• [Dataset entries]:
BEGIN

(* Let $(M^n,g,k)$ be an initial data set with $M$ spin, let $\phi\in\overline{\mathcal S}(M)$ and $p\in M$. If $N(\phi)=|X(\phi)|$ at $p$, or if $N(\phi)=|Y(\phi)|$ at $p$, then at $p$: $$N(\phi)\,\omega(\phi)=X(\phi)\wedge Y(\phi),\qquad X(\phi)\perp Y(\phi),\qquad N(\phi)^2-|X(\phi)|^2-|Y(\phi)|^2+\tfrac12|\omega(\phi)|^2=0 .$$
   Context: Spinor conventions. For a Riemannian spin manifold $(M^n,g)$, $\mathcal S$ is the complex spinor bundle with Hermitian inner product $\langle\cdot,\cdot\rangle$ (complex linear in the first slot); Clifford multiplication by tangent vectors satisfies $vw+wv=-2g(v,w)$ and vectors act skew-Hermitian. Set $\overline{\mathcal S}=\mathcal S\oplus\mathcal S$ with direct-sum inner product, where a tangent vector $e_l$ and an extra element $e_0$ act by $e_l(\psi_1,\psi_2)=(e_l\psi_1,-e_l\psi_2)$, $e_0(\psi_1,\psi_2)=(\psi_2,\psi_1)$. With $\{e_i\}_{i=1}^n$ an orthonormal frame and summation over repeated indices, for $\phi\in\overline{\mathcal S}$: $N(\phi)=|\phi|^2$, $X(\phi)=\langle e_ie_0\phi,\phi\rangle e_i$, $Y(\phi)=\langle\mathbf i e_i\phi,\phi\rangle e_i$, $\omega_{ij}(\phi)=\operatorname{Im}\langle e_ie_je_0\phi,\phi\rangle$; these are real. For vectors $V,W$, $(V\wedge W)_{ij}=V_iW_j-V_jW_i$, and $|\omega|^2=\sum_{i,j}\omega_{ij}^2$. *)

(* Pointwise (fibrewise) linear algebra at the point p. *)
From HB Require Import structures.
From mathcomp Require Import all_boot all_order all_algebra.
Set Implicit Arguments. Unset Strict Implicit. Unset Printing Implicit Defensive.
Import Order.TTheory GRing.Theory Num.Theory.
Local Open Scope ring_scope.

Section SpinorAlgebra.
Variables (C : numClosedFieldType) (m n : nat).

(* Fibre S_p of the spinor bundle, modelled as C^m with its Hermitian product,
   complex linear in the first slot. *)
Definition herm (u v : 'cV[C]_m) : C := \sum_(k < m) u k 0 * (v k 0)^*.

Definition Sbar := ('cV[C]_m * 'cV[C]_m)%type.
Definition hermbar (p q : Sbar) : C := herm p.1 q.1 + herm p.2 q.2.
Definition scalebar (a : C) (p : Sbar) : Sbar := (a *: p.1, a *: p.2).

(* Clifford structure on S_p for an orthonormal frame e_1..e_n of T_pM:
   E i is Clifford multiplication by e_i. *)
Definition clifford_frame (E : 'I_n -> 'M[C]_m) : Prop :=
  (forall i j : 'I_n, E i *m E j + E j *m E i = ((-2) * (i == j)%:R)%:M) /\
  (forall i : 'I_n, map_mx (fun z => z^*) (E i)^T = - E i).

Definition ebar (E : 'I_n -> 'M[C]_m) (l : 'I_n) (p : Sbar) : Sbar :=
  (E l *m p.1, - (E l *m p.2)).
Definition e0 (p : Sbar) : Sbar := (p.2, p.1).

(* The quantities N, X, Y, omega (real-valued, computed in C). *)
Definition Nq (phi : Sbar) : C := hermbar phi phi.
Definition Xq (E : 'I_n -> 'M[C]_m) (phi : Sbar) (i : 'I_n) : C :=
  hermbar (ebar E i (e0 phi)) phi.
Definition Yq (E : 'I_n -> 'M[C]_m) (phi : Sbar) (i : 'I_n) : C :=
  hermbar (scalebar 'i (ebar E i phi)) phi.
Definition omegaq (E : 'I_n -> 'M[C]_m) (phi : Sbar) (i j : 'I_n) : C :=
  'Im (hermbar (ebar E i (ebar E j (e0 phi))) phi).

Definition vdot (V W : 'I_n -> C) : C := \sum_(i < n) V i * W i.
Definition vnorm (V : 'I_n -> C) : C := sqrtC (vdot V V).
Definition wedge (V W : 'I_n -> C) (i j : 'I_n) : C := V i * W j - V j * W i.
Definition formnorm2 (w : 'I_n -> 'I_n -> C) : C :=
  \sum_(i < n) \sum_(j < n) w i j ^+ 2.

End SpinorAlgebra.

END

• [Required action]: Determine the number of lines in the entries that contain "forall", then write that number alone.

• [Task solution]: 2